Introdução
Em tempos de discussões sobre a redução da jornada de trabalho e os direitos dos trabalhadores, frequentemente nos deparamos com uma lacuna entre a discursividade política e a materialidade concreta da vida de determinados grupos, como os microempreendedores e trabalhadores de plataformas digitais. O Uber, os entregadores de aplicativos e outros microempreendedores personificam um paradoxo do nosso tempo: a retórica do empreendedorismo como sinônimo de liberdade contrasta com a realidade de autoexploração e precariedade. Este texto busca refletir sobre como as narrativas político-econômicas, ao ignorarem essas condições, podem reforçar desigualdades estruturais, especialmente dentro da lógica da sociedade digital, onde até mesmo o ócio é convertido em mercadoria.
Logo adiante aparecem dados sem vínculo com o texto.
Lemma cong_mul_r z x y : cong x y -> cong (x ** z) (y ** z).
Proof.
  intros (n & Hn & ->). exists (ginv z ** (n ** z)). split.
  - apply (normal_conj (ncl_normal _ _)); auto.
  - rewrite <- !gmul_assoc, mul_VK. reflexivity.
Qed.

Lemma cong_pow x y n : cong x y -> cong (gpow G x n) (gpow G y n).
Proof.
  intros H; induction n as [|n IH]; simpl; [apply cong_refl|].
  eapply cong_trans; [apply cong_mul_r, H | apply cong_mul_l, IH].
Qed.

Lemma cong_act x y : cong x y -> forall v, act x v = act y v.
Proof. intros (n & Hn & ->) v. rewrite act_mul, (act_N_K n Hn). reflexivity. Qed.

Fixpoint eval (w : word) : G :=
  match w with [] => gone | l :: w' => iota (projT1 l) (projT2 l) ** eval w' end.

Lemma eval_app u v : eval (u ++ v) = eval u ** eval v.
Proof.
  induction u as [|l u IH]; simpl; [rewrite gmul_1l | rewrite IH, gmul_assoc]; reflexivity.
Qed.

Lemma eval_cons_letter i c v :
  cong (eval (cons_letter I A K i c v)) (iota i c ** eval v).
Proof.
  unfold cons_letter. destruct excluded_middle_informative as [h|h].
  - exists (ginv (eval v) ** (ginv (iota i c) ** eval v)). split.
    + apply (normal_conj (ncl_normal _ _)), (normal_inv (ncl_normal _ _)), ncl_in.
      exists i, c; auto.
    + rewrite <- gmul_assoc, !mul_VK. reflexivity.
  - apply cong_mul_r. exists (iota i (ginv c ** rep I A K i c)). split.
    + apply ncl_in. exists i, (ginv c ** rep I A K i c). split; auto.
      apply eqv_sym, rep_eqv; exact HK.
    + rewrite <- hom_mul, mul_VK. reflexivity.
Qed.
O Empreendedor de Si Mesmo e a Nova Escravidão
Byung-Chul Han, em sua análise sobre a sociedade do cansaço, introduz o conceito de “empreendedor de si mesmo”, um sujeito que, acreditando em sua autonomia, submete-se a jornadas exaustivas e demandas incessantes em nome de uma liberdade ilusória. No caso do Brasil, microempreendedores como os motoristas de Uber e entregadores de aplicativos exemplificam essa dinâmica. Formalizados como MEI, são apresentados como "empresários", mas sem direitos trabalhistas básicos. Trabalham frequentemente 12, 14 ou até 18 horas por dia, sem descanso adequado, para garantir uma renda mínima em um mercado que os explora pela lógica da oferta e demanda.
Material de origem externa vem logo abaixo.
Lemma eulerianE n k : eulerian n k = eul n k.
Proof.
rewrite /eulerian -sum1_card big_mkcond -sum_asc_perm_words.
rewrite -(perm_big _ (perm_eq_perm_words n)) big_map big_enum /=.
by apply: eq_bigr => s _; rewrite in_set ascents_perm_word; case: (_ == _).
Qed.

Lemma leq_scale_mul_pred c x y : c * x <= y -> c * c * (x * (x - 1)) <= y * (y - 1).
Proof.
case: c => [|c] le_cxy; first by rewrite !mul0n.
apply: leq_trans (leq_mul le_cxy (leq_sub2r 1 le_cxy)).
by rewrite mulnACA leq_mul2l mulnBr muln1 leq_sub2l ?orbT.
Qed.

Lemma eul_pairs_propagate a n m : 2 <= a ->
  2 * (3 * a + 2) ^ n < eul n a * (eul n a - 1) ->
  2 * (3 * a + 2) ^ (m + n) < eul (m + n) a * (eul (m + n) a - 1).
Proof.
move=> a_ge2 base; elim: m => [//|m IHm].
have le_3a2 : 3 * a + 2 <= a.+1 * a.+1 by nia.
apply: leq_trans (leq_scale_mul_pred (leq_eulS _ _)).
rewrite addSn expnS mulnCA (leq_ltn_trans (leq_mul le_3a2 (leqnn _))) //.
by rewrite ltn_pmul2l.
Qed.

Lemma ltb_N_of_nat p q : (N.of_nat p <? N.of_nat q)%num = (p < q).
Proof. by case: ltnP => [/ltP | /leP] lt_pq; [apply/N.ltb_lt | apply/N.ltb_ge]; lia. Qed.

Lemma leb_N_of_nat p q : (N.of_nat p <=? N.of_nat q)%num = (p <= q).
Proof. by case: leqP => [/leP | /ltP] le_pq; [apply/N.leb_le | apply/N.leb_gt]; lia. Qed.

Lemma N_of_nat_expn b e : N.of_nat (b ^ e) = (N.of_nat b ^ N.of_nat e)%num.
Proof.
elim: e => [|e IHe]; first by rewrite expn0.
by rewrite expnS mulnE Nat2N.inj_mul IHe Nat2N.inj_succ N.pow_succ_r'.
Qed.

Lemma pairs_gt_of_N x y :
  (2 * N.of_nat y <? N.of_nat x * (N.of_nat x - 1))%num -> 2 * y < x * (x - 1).
Proof. by rewrite -ltb_N_of_nat !mulnE subnE !Nat2N.inj_mul Nat2N.inj_sub. Qed.

(* Binary arithmetic: the base cases involve numbers with up to 170 digits. *)
Definition eul_rowN_next (n : nat) (row : seq N) : seq N :=
  [seq (N.of_nat k.+1 * nth 0 row k +
        if k is k'.+1 then N.of_nat (n - k') * nth 0 row k' else 0)%num
  | k <- iota 0 n.+2].

Fixpoint eul_rowN (n : nat) : seq N :=
  if n is n'.+1 then eul_rowN_next n' (eul_rowN n') else [:: 1%num].

Lemma nth_eul_rowN n k : nth 0%num (eul_rowN n) k = N.of_nat (eul n k).
Proof.
elim: n k => [|n IHn] k; first by case: k => [|[|k]].
rewrite /= /eul_rowN_next; have [lt_k | le_k] := ltnP k n.+2.
  rewrite (nth_map 0) ?size_iota // nth_iota // add0n eulS.
  by case: k lt_k => [|k] _; rewrite !IHn; lia.
by rewrite nth_default ?size_map ?size_iota // eul_eq0 //; lia.
Qed.

Lemma expn_lt_eul_pairs_of_rowN n k b e :
  let x := nth 0%num (eul_rowN n) k in
  (2 * N.of_nat b ^ N.of_nat e <? x * (x - 1))%num ->
  2 * b ^ e < eul n k * (eul n k - 1).
Proof. by rewrite /= nth_eul_rowN -N_of_nat_expn; apply: pairs_gt_of_N. Qed.

Lemma eul_lt_eul_pairs_of_rowN n k j :
  let x := nth 0%num (eul_rowN n) k in
  (2 * nth 0%num (eul_rowN n) j <? x * (x - 1))%num ->
  2 * eul n j < eul n k * (eul n k - 1).
Proof. by rewrite /= !nth_eul_rowN; apply: pairs_gt_of_N. Qed.

Lemma eul_pairs_base_small a : 3 <= a <= 29 ->
  2 * (3 * a + 2) ^ (3 * a + 2) < eul (3 * a + 2) a * (eul (3 * a + 2) a - 1).
Proof.
move=> a_range; apply: expn_lt_eul_pairs_of_rowN.
have : all (fun a => let m := 3 * a + 2 in let x := nth 0%num (eul_rowN m) a in
                   (2 * N.of_nat m ^ N.of_nat m <? x * (x - 1))%num) (iota 3 27).
  by vm_compute.
by move/allP; apply; rewrite mem_iota; lia.
Qed.

Lemma eul_pairs_a2 :
  [/\ 2 * eul 8 7 < eul 8 2 * (eul 8 2 - 1), 2 * eul 9 7 < eul 9 2 * (eul 9 2 - 1)
    & 2 * 8 ^ 10 < eul 10 2 * (eul 10 2 - 1)].
Proof.
by split; [apply: eul_lt_eul_pairs_of_rowN | apply: eul_lt_eul_pairs_of_rowN
          | apply: expn_lt_eul_pairs_of_rowN]; vm_compute.
Qed.

Lemma leq_expn_of_N b1 e1 b2 e2 :
  (N.of_nat b1 ^ N.of_nat e1 <=? N.of_nat b2 ^ N.of_nat e2)%num -> b1 ^ e1 <= b2 ^ e2.
Proof. by rewrite -!N_of_nat_expn leb_N_of_nat. Qed.

Lemma expn_27_leq a : 30 <= a -> 27 ^ a.+1 <= a.+1 ^ a.
Proof.
move=> le_30a; rewrite -(subnK le_30a).
elim: (a - 30) => [|m IHm]; first exact: (@leq_expn_of_N 27 31 31 30).
set b := m + 30; rewrite !addSn -/b in IHm *.
have le_27b : 27 <= b.+2 by rewrite /b; lia.
rewrite expnS [leqRHS]expnS (leq_trans (leq_mul le_27b IHm)) //.
by rewrite leq_mul2l leq_exp2r ?leqnSn ?orbT // /b addn_gt0 orbT.
Qed.

Lemma eul_pairs_base_large a : 30 <= a ->
  2 * (3 * a + 2) ^ (3 * a + 2) < eul (3 * a + 2) a * (eul (3 * a + 2) a - 1).
Proof.
move=> le_30a.
have le_L : a.+1 ^ (2 * a + 1) <= eul (3 * a + 2) a.
  by rewrite (_ : 2 * a + 1 = 3 * a + 2 - a.+1) ?expn_leq_eul //; lia.
apply: leq_trans (leq_mul le_L (leq_sub2r 1 le_L)).
set L := a.+1 ^ (2 * a + 1); set C := 3 ^ (3 * a + 2); set D := a.+1 ^ (3 * a + 2).
have le_CD : (3 * a + 2) ^ (3 * a + 2) <= C * D by rewrite -expnMn leq_exp2r; lia.
have LL_eq : L * L = D * a.+1 ^ a by rewrite -!expnD; congr (_ ^ _); lia.
have le_3C : 3 * C <= a.+1 ^ a.
  rewrite -expnS (_ : (3 * a + 2).+1 = 3 * a.+1); last by lia.
  by rewrite expnM expn_27_leq.
have lt_LD : L < D by rewrite ltn_exp2l //; lia.
have C_gt0 : 0 < C by rewrite expn_gt0.
have le_3CD : 3 * (C * D) <= L * L by rewrite LL_eq mulnA mulnC leq_mul2l le_3C orbT.
nia.
Qed.

Lemma expn_lt_eul_pairs a n : 2 <= a -> 3 * a + 2 <= n -> (a == 2) ==> (10 <= n) ->
  2 * (3 * a + 2) ^ n < eul n a * (eul n a - 1).
Proof.
move=> a_ge2 le_n a2_n.
have [n0 [le_n0 base]] :
    exists n0, n0 <= n /\ 2 * (3 * a + 2) ^ n0 < eul n0 a * (eul n0 a - 1).
  case: eqP a2_n => [-> /= le_10n | ne_a2 _].
    exists 10; split; first exact: le_10n.
    (* [exact], not [done], which would try to evaluate these numerals in unary. *)
    by case: eul_pairs_a2 => _ _ base10; exact: base10.
  exists (3 * a + 2); split; first exact: le_n.
  by have [le_a29 | lt_29a] := leqP a 29;
    [apply: eul_pairs_base_small | apply: eul_pairs_base_large]; lia.
by rewrite -(subnK le_n0); apply: eul_pairs_propagate.
Qed.

Lemma eul_pairs_gt a n : 2 <= a -> 3 * a + 2 <= n ->
  2 * eul n (3 * a + 1) < eul n a * (eul n a - 1).
Proof.
move=> a_ge2 le_n.
have from_expn : (a == 2) ==> (10 <= n) -> 2 * eul n (3 * a + 1) < eul n a * (eul n a - 1).
  move=> a2_n; apply: leq_ltn_trans (expn_lt_eul_pairs a_ge2 le_n a2_n).
  by rewrite leq_mul2l (_ : 3 * a + 2 = (3 * a + 1).+1) ?eul_leq_expn ?orbT ?addnS.
have [a2 | ne_a2] := eqVneq a 2; last by apply: from_expn; rewrite (negbTE ne_a2).
have [lt_n10 | le_10n] := ltnP n 10; last by apply: from_expn; apply/implyP.
subst a; have [-> | ->] : n = 8 \/ n = 9 by lia.
  by case: eul_pairs_a2 => base8 _ _; exact: base8.
by case: eul_pairs_a2 => _ base9 _; exact: base9.
Qed.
Discursividade e Métricas Desconectadas
O discurso político frequentemente celebra avanços econômicos utilizando métricas superficiais, como o crescimento do número de microempreendedores ou as melhorias sazonais no índice de desemprego. Contudo, essas métricas ignoram a realidade precária desses trabalhadores. No último trimestre do ano, por exemplo, há um aumento temporário de empregos devido às festas de fim de ano, mas grande parte dessas vagas é sazonal e desaparece no início do ano seguinte, reforçando um ciclo de insegurança econômica.
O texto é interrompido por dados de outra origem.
Lemma path_weight_extend_prefix t j :
  path_weight k.+1 (extend_prefix t j) =
  path_weight k (of_prefix t) * a (nth 0 t k - j *+ 2).
Proof.
rewrite path_weightS; congr (_ * _).
  by apply: path_weight_depends => i ik; rewrite /Xn /extend_prefix /of_prefix ik.
by rewrite /Xn /extend_prefix leqnn ltnn.
Qed.

Lemma integral_depends_decomp (h : Om -> \bar R) :
  depends_on k.+1 h -> (forall w, 0 <= h w)%E ->
  (\int[P]_w h w = \esum_(p in [set: k.+1.-tuple (Zs s) * Zs s])
      (h (extend_prefix p.1 p.2) * (path_weight k.+1 (extend_prefix p.1 p.2))%:E))%E.
Proof.
move=> hdep h0.
rewrite (@ge0_integral_countable_partition _ _ _ P _ prefix_cell
           (fun p => h (extend_prefix p.1 p.2))).
- by apply: eq_esum => p _; congr (_ * _)%E; exact: chain_law_prefix_cell.
- exact: measurable_prefix_cell.
- by move=> [t j] [t' j'] w [/= <- <-] [/= <- <-].
- by move=> w; exists (path_prefix k w, Xn k.+1 w).
- by move=> p w; rewrite prefix_cellE => hw; apply: hdep => i ik; exact: hw.
- by move=> p; apply: h0.
- exact: measurable_fun_depends hdep.
Qed.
Além disso, iniciativas como a redução da jornada de trabalho dificilmente beneficiam esses microempreendedores. Motoristas de Uber e entregadores não têm a opção de trabalhar menos dias na semana; sua renda depende de uma disponibilidade constante, muitas vezes em condições adversas.
Ócio Criativo ou Negócio Oculto?
A promessa de um tempo livre para descanso ou criatividade, como defendido por Domenico De Masi em seu conceito de "ócio criativo", esbarra em uma realidade tecnológica na qual o ócio se converte em mais um espaço de exploração. Byung-Chul Han descreve esse fenômeno como a transformação do ócio em “negócio”, pois, ao estarem conectados às plataformas digitais, os indivíduos continuam a gerar dados e metadados, alimentando algoritmos e perpetuando a lógica da exploração. Para os trabalhadores de plataformas, o tempo livre não é uma possibilidade viável; ele é simplesmente inexistente.
O Politicamente Correto e a Reflexão Necessária
Essa análise não busca criticar leis ou propostas que visem melhorar as condições de trabalho. O problema está na desconexão entre a discursividade dessas iniciativas e a materialidade concreta de grupos específicos. O politicamente correto, inserido nessa discursividade, muitas vezes impede uma análise mais profunda e honesta.
Questionar as condições dos microempreendedores não é um ato antipolítico ou antidemocrático, mas um esforço para compreender as contradições de um sistema que os exalta como símbolo de autonomia enquanto os mantém em uma condição de servidão moderna.
Considerações Finais
O microempreendedorismo, especialmente no contexto de plataformas digitais, não oferece a liberdade que promete. Pelo contrário, ele representa uma nova forma de exploração, onde o trabalhador é ao mesmo tempo patrão e escravo de si mesmo. Enquanto o discurso político ignora essas contradições e as plataformas lucram com a precariedade, a realidade desses trabalhadores permanece invisível.
Portanto, qualquer discussão sobre redução de jornadas, tempo livre ou melhoria das condições de trabalho precisa considerar a realidade material dos microempreendedores. Caso contrário, continuaremos reproduzindo narrativas que não alcançam aqueles que mais precisam.
Referências
Han, B.-C. (2015). A Sociedade do Cansaço. Petrópolis: Editora Vozes.
Zuboff, S. (2020). A Era do Capitalismo de Vigilância. Rio de Janeiro: Intrínseca.
De Masi, D. (2000). O Ócio Criativo. Rio de Janeiro: Sextante.
Lasch, C. (1991). A Cultura do Narcisismo. Rio de Janeiro: Imago.